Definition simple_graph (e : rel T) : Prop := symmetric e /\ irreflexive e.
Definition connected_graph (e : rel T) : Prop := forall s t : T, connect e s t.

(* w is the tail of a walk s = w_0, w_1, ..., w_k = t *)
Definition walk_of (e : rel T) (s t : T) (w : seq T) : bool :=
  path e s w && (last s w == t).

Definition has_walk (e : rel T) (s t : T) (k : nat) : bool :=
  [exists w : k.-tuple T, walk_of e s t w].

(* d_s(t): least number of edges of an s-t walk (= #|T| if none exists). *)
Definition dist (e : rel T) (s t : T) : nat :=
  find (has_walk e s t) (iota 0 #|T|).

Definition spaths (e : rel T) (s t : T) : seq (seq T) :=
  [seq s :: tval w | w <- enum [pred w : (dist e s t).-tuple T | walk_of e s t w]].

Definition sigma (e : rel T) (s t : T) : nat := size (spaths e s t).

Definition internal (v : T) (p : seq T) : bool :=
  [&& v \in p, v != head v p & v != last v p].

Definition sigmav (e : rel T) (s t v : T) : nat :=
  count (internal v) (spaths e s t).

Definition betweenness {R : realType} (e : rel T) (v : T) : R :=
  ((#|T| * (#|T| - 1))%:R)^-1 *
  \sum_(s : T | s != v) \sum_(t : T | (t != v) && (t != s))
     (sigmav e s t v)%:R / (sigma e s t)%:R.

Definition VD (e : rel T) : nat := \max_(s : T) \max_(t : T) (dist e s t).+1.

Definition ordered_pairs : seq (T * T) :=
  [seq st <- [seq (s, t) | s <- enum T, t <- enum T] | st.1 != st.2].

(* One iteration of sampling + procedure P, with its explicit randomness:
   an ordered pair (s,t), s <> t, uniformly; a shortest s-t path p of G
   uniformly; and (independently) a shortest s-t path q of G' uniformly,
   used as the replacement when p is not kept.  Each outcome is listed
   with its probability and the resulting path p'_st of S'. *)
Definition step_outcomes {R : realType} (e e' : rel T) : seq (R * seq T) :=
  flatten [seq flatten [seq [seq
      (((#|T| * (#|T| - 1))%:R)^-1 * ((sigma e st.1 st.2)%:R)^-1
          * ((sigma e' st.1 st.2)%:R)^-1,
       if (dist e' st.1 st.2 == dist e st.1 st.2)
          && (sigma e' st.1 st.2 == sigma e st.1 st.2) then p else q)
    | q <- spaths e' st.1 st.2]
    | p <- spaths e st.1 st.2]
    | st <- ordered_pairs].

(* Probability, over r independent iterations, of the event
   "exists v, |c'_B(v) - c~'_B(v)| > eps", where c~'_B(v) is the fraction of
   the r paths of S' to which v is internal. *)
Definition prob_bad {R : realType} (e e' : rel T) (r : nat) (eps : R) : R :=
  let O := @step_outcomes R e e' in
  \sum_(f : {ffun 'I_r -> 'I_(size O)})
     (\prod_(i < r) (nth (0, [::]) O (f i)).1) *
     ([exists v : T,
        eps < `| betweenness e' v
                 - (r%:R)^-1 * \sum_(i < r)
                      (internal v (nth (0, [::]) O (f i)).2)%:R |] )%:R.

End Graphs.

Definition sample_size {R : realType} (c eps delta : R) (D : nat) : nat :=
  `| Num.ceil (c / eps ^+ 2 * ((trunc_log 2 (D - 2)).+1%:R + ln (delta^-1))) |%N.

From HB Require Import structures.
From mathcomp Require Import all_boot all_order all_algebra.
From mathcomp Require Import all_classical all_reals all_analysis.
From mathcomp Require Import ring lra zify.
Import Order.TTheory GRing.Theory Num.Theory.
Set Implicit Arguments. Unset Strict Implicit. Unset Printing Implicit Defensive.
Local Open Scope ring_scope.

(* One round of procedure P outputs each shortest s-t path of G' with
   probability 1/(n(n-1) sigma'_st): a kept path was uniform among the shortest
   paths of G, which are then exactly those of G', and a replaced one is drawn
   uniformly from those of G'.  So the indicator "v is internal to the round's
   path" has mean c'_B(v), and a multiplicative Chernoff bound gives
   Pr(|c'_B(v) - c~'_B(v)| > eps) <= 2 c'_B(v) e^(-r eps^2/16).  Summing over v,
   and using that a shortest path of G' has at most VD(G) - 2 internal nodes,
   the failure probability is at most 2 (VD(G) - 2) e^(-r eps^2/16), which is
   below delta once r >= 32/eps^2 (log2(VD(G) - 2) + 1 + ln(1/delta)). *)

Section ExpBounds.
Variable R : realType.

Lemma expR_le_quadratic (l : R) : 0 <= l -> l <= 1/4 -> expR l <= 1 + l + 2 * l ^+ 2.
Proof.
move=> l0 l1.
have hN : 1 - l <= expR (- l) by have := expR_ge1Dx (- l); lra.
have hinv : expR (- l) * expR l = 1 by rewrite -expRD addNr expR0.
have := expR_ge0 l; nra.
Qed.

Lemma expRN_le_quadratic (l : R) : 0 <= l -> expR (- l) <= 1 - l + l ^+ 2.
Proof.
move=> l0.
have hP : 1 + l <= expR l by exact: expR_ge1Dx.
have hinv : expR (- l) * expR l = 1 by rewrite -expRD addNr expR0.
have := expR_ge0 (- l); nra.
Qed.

++++++++

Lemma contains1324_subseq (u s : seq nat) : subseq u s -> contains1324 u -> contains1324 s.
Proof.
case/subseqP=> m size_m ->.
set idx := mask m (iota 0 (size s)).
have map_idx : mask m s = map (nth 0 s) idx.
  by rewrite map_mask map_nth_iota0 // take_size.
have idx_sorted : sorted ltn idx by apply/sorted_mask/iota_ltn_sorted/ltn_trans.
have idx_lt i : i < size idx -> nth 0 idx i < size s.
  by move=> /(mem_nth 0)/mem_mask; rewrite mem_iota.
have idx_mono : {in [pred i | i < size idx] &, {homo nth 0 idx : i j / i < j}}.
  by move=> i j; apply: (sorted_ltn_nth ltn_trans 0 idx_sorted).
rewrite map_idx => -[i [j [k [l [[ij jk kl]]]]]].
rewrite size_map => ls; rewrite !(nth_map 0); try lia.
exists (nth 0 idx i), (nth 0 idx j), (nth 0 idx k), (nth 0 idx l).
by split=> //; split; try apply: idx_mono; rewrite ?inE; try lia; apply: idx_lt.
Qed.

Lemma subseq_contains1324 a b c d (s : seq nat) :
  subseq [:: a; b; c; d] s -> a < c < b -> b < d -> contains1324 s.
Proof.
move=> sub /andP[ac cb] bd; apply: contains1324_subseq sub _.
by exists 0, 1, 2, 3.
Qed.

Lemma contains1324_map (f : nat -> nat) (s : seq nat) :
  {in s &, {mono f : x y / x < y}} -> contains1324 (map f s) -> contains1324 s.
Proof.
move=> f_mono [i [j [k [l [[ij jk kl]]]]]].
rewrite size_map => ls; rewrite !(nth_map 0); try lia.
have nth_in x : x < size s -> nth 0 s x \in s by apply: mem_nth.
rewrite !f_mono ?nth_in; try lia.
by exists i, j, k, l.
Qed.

++++++++

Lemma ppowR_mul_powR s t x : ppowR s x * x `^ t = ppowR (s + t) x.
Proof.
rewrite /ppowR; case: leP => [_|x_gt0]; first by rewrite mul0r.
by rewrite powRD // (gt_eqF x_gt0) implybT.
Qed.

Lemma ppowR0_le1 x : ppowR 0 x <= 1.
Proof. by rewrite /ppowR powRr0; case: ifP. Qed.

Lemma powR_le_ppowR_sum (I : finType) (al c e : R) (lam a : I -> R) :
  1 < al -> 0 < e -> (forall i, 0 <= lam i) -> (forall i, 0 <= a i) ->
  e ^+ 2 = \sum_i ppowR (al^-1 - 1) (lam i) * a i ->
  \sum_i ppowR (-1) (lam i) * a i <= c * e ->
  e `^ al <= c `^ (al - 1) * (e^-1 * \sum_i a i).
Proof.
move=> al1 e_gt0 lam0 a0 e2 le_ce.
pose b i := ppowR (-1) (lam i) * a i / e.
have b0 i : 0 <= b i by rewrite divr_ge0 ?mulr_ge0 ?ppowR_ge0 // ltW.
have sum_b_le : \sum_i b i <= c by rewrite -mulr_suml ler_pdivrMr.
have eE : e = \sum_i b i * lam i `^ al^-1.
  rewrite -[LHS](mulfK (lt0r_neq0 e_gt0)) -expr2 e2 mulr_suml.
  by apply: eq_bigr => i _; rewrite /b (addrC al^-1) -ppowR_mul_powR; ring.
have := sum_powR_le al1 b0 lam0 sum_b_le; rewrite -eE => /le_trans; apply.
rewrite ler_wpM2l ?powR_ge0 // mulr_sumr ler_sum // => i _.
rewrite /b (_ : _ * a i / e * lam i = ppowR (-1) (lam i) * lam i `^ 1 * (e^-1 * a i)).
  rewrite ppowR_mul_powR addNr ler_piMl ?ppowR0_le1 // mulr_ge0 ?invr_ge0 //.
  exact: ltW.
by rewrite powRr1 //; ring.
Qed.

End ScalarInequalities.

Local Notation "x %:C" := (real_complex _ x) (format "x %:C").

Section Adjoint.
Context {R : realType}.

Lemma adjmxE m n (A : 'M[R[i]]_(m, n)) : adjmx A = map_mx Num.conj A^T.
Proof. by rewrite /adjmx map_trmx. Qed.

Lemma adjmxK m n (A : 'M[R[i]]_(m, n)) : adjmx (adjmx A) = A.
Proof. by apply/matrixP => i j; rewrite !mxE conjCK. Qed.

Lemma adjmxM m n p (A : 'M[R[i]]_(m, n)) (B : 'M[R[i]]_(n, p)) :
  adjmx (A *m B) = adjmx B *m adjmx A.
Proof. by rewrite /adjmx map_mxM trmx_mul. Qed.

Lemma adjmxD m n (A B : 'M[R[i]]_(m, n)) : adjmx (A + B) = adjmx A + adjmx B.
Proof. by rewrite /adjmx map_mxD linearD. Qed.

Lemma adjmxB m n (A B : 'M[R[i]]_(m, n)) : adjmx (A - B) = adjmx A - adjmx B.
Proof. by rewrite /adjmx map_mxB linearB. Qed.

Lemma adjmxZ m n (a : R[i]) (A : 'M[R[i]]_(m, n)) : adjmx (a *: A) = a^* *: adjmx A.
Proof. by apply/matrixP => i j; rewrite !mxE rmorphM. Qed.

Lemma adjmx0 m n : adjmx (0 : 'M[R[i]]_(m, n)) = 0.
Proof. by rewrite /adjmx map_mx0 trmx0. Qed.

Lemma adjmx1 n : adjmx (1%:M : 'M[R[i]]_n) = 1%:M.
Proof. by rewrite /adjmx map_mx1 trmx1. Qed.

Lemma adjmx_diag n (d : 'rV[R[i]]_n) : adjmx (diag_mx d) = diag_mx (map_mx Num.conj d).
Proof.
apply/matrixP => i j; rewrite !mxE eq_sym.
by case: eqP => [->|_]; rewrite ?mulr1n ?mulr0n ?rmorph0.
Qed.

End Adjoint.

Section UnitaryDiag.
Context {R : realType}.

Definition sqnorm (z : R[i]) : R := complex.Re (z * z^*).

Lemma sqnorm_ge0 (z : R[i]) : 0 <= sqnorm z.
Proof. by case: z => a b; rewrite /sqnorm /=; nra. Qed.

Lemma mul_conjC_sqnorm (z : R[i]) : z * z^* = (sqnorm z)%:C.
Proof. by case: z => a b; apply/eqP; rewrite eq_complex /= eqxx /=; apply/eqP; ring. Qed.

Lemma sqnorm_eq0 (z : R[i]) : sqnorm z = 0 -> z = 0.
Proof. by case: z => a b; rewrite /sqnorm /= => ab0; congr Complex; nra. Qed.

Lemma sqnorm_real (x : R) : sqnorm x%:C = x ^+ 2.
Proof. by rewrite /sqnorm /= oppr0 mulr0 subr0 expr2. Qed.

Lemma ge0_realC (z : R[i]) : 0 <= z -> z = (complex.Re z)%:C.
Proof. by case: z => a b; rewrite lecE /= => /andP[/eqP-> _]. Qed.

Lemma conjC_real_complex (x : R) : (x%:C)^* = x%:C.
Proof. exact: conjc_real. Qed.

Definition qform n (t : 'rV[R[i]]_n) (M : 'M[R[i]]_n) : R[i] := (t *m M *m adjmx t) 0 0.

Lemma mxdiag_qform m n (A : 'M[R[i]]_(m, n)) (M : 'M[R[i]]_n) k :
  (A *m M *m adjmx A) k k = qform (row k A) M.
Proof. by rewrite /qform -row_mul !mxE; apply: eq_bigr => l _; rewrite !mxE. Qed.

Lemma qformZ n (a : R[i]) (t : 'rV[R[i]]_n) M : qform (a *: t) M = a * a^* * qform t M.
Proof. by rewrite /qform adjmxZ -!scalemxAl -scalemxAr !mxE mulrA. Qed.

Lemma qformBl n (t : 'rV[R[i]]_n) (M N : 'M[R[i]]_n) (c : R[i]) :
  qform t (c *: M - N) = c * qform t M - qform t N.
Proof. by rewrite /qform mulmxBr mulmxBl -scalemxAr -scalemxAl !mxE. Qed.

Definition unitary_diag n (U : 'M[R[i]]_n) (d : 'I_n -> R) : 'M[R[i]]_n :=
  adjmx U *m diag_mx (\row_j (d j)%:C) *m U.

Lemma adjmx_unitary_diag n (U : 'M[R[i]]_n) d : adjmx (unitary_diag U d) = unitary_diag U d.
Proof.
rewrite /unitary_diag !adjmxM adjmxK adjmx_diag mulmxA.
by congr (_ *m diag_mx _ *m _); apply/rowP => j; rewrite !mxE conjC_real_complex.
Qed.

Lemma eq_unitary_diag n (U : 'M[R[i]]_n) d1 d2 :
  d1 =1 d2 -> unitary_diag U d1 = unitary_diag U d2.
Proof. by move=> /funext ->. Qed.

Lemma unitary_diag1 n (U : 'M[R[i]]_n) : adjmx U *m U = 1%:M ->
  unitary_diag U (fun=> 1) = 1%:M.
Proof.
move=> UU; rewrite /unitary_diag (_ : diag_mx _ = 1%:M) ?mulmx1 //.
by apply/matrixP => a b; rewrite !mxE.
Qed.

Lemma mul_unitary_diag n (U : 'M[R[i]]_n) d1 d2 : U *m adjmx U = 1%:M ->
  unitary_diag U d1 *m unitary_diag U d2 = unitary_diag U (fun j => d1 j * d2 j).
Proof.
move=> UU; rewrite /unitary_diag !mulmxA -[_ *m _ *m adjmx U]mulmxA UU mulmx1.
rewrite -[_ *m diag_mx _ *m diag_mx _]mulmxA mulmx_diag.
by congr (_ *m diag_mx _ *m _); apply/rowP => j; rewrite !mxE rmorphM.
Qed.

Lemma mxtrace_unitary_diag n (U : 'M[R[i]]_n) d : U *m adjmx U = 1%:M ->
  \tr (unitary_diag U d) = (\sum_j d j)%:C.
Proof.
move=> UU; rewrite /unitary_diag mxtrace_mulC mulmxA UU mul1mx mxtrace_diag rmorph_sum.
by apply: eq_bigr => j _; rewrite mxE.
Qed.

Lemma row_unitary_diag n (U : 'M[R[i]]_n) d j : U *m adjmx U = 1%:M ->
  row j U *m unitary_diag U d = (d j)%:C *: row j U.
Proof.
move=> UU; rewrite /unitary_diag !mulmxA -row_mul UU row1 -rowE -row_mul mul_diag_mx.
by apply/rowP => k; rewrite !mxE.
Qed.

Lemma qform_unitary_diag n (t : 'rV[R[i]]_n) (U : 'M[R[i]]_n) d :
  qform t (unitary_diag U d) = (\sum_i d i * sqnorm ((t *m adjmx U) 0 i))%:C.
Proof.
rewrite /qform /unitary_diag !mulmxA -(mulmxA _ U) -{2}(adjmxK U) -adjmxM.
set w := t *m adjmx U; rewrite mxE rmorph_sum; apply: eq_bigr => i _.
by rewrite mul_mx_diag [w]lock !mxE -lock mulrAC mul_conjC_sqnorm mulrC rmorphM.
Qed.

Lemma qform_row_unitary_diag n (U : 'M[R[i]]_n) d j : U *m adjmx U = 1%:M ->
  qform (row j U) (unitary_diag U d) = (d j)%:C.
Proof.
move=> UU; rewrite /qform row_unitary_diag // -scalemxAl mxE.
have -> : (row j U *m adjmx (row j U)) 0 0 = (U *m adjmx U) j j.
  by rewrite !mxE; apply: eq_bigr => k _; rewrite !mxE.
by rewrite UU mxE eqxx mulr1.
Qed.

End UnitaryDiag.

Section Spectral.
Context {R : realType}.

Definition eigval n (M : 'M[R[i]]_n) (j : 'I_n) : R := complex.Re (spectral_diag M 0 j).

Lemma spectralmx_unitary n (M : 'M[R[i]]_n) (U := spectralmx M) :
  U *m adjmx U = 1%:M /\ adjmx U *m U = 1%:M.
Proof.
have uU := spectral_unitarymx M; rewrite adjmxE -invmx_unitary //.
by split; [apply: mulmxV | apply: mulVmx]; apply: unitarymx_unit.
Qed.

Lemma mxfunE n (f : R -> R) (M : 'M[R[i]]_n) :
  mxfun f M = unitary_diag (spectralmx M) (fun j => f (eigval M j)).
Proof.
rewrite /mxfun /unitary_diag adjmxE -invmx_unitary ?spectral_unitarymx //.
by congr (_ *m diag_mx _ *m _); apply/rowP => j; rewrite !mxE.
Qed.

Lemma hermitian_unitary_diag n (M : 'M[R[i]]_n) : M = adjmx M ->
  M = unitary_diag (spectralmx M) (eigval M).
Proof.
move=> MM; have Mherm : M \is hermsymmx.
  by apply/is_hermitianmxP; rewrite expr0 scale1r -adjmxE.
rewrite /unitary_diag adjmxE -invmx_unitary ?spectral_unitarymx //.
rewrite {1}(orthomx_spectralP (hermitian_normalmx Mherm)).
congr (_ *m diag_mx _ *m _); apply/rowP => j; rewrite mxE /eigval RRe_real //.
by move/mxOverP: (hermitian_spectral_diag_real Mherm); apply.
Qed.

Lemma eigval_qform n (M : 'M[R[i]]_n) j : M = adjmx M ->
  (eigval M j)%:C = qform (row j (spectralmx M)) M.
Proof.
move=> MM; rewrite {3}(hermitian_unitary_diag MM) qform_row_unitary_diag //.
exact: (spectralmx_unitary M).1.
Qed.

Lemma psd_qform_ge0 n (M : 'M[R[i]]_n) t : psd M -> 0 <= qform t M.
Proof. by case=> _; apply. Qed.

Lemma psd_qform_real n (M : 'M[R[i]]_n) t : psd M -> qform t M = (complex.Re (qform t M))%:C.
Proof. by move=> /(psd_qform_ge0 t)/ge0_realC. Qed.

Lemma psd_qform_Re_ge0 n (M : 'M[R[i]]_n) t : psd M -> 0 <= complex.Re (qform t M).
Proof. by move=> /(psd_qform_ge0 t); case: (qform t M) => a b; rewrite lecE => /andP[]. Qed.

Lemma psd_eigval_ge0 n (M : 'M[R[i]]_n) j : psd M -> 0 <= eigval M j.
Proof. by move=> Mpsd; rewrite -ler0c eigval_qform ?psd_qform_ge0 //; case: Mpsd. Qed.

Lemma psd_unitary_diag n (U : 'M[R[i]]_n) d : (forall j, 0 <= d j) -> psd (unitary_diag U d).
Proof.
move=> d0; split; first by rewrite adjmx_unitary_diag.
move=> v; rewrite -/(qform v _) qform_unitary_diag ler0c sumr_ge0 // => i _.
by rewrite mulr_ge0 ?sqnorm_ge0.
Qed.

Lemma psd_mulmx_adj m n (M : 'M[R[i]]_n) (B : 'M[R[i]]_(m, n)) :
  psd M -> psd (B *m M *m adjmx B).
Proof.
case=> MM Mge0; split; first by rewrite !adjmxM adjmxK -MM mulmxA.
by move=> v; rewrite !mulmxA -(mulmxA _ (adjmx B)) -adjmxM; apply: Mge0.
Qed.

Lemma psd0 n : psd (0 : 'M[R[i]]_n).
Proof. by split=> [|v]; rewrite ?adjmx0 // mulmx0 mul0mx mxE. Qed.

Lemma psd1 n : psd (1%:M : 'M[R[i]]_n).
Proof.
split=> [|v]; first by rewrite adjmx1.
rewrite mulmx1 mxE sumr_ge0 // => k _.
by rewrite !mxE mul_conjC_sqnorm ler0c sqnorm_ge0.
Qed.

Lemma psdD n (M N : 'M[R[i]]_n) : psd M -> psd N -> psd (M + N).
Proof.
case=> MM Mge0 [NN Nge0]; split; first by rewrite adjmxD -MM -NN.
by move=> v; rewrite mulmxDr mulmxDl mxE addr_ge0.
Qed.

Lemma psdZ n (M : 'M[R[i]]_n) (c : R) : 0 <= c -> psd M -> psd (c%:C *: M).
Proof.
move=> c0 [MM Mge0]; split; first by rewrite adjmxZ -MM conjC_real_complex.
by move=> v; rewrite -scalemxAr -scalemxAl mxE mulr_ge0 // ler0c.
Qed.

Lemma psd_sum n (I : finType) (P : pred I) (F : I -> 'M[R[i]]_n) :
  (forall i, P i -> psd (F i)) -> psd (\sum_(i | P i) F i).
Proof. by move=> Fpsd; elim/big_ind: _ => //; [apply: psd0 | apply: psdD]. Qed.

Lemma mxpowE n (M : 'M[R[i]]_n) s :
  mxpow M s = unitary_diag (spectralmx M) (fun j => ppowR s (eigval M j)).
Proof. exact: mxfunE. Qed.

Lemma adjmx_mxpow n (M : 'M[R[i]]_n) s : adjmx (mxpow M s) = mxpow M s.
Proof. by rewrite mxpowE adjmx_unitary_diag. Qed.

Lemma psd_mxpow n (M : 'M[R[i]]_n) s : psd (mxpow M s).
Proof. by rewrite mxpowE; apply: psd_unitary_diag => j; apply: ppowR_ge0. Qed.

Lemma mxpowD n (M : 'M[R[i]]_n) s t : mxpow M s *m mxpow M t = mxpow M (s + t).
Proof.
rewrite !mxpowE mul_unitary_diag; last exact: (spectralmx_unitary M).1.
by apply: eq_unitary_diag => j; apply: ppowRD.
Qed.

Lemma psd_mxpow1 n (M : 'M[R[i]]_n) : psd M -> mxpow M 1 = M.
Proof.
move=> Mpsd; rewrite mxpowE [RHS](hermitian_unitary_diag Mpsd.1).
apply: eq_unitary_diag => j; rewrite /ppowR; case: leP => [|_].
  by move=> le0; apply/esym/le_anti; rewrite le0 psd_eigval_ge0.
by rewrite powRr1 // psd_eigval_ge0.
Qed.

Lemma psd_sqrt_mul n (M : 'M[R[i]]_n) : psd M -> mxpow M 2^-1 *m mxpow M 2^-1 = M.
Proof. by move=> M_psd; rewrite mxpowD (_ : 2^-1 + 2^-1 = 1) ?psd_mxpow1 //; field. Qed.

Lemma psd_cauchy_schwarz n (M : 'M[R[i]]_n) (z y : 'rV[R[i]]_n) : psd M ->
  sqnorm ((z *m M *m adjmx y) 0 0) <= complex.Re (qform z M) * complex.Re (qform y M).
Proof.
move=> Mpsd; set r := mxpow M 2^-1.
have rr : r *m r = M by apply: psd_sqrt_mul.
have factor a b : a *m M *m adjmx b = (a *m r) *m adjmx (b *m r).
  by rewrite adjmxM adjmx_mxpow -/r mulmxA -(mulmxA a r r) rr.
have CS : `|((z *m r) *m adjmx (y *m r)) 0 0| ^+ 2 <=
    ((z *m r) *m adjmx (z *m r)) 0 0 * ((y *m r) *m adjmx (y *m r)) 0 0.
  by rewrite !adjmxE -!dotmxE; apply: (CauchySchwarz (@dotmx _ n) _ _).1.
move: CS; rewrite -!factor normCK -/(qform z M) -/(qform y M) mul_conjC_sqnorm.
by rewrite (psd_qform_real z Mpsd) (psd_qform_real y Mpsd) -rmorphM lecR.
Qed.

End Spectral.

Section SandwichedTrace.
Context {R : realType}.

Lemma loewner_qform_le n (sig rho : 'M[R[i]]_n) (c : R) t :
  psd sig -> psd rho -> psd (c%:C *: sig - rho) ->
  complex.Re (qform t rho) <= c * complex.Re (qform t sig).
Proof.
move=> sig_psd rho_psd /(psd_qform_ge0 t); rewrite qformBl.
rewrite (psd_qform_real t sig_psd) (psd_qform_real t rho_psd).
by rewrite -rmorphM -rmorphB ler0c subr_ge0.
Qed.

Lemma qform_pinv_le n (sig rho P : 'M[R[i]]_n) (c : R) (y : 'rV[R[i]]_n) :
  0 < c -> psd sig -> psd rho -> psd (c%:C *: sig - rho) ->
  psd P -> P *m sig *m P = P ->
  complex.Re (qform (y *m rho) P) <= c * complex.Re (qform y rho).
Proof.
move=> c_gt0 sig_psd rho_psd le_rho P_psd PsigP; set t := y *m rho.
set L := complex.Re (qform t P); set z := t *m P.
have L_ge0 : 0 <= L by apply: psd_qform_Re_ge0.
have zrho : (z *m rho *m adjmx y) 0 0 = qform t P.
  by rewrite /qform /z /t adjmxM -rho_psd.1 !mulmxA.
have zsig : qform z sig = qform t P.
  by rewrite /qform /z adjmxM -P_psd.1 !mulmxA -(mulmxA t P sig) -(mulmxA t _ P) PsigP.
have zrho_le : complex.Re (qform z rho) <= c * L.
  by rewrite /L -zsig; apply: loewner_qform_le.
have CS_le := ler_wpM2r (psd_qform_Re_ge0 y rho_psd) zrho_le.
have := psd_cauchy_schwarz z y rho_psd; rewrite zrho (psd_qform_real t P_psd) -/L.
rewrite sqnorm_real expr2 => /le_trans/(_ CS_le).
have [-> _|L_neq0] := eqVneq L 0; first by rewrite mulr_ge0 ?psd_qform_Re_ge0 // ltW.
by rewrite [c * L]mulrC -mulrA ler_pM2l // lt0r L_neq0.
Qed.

++++++++

Task details: Please copy the lines above from the line with "Definition simple_graph (e" up to and including the line with "with its probability", exactly as written and with nothing else.

Exercise result:
Definition simple_graph (e : rel T) : Prop := symmetric e /\ irreflexive e.
Definition connected_graph (e : rel T) : Prop := forall s t : T, connect e s t.

(* w is the tail of a walk s = w_0, w_1, ..., w_k = t *)
Definition walk_of (e : rel T) (s t : T) (w : seq T) : bool :=
  path e s w && (last s w == t).

Definition has_walk (e : rel T) (s t : T) (k : nat) : bool :=
  [exists w : k.-tuple T, walk_of e s t w].

(* d_s(t): least number of edges of an s-t walk (= #|T| if none exists). *)
Definition dist (e : rel T) (s t : T) : nat :=
  find (has_walk e s t) (iota 0 #|T|).

Definition spaths (e : rel T) (s t : T) : seq (seq T) :=
  [seq s :: tval w | w <- enum [pred w : (dist e s t).-tuple T | walk_of e s t w]].

Definition sigma (e : rel T) (s t : T) : nat := size (spaths e s t).

Definition internal (v : T) (p : seq T) : bool :=
  [&& v \in p, v != head v p & v != last v p].

Definition sigmav (e : rel T) (s t v : T) : nat :=
  count (internal v) (spaths e s t).

Definition betweenness {R : realType} (e : rel T) (v : T) : R :=
  ((#|T| * (#|T| - 1))%:R)^-1 *
  \sum_(s : T | s != v) \sum_(t : T | (t != v) && (t != s))
     (sigmav e s t v)%:R / (sigma e s t)%:R.

Definition VD (e : rel T) : nat := \max_(s : T) \max_(t : T) (dist e s t).+1.

Definition ordered_pairs : seq (T * T) :=
  [seq st <- [seq (s, t) | s <- enum T, t <- enum T] | st.1 != st.2].

(* One iteration of sampling + procedure P, with its explicit randomness:
   an ordered pair (s,t), s <> t, uniformly; a shortest s-t path p of G
   uniformly; and (independently) a shortest s-t path q of G' uniformly,
   used as the replacement when p is not kept.  Each outcome is listed
   with its probability and the resulting path p'_st of S'. *)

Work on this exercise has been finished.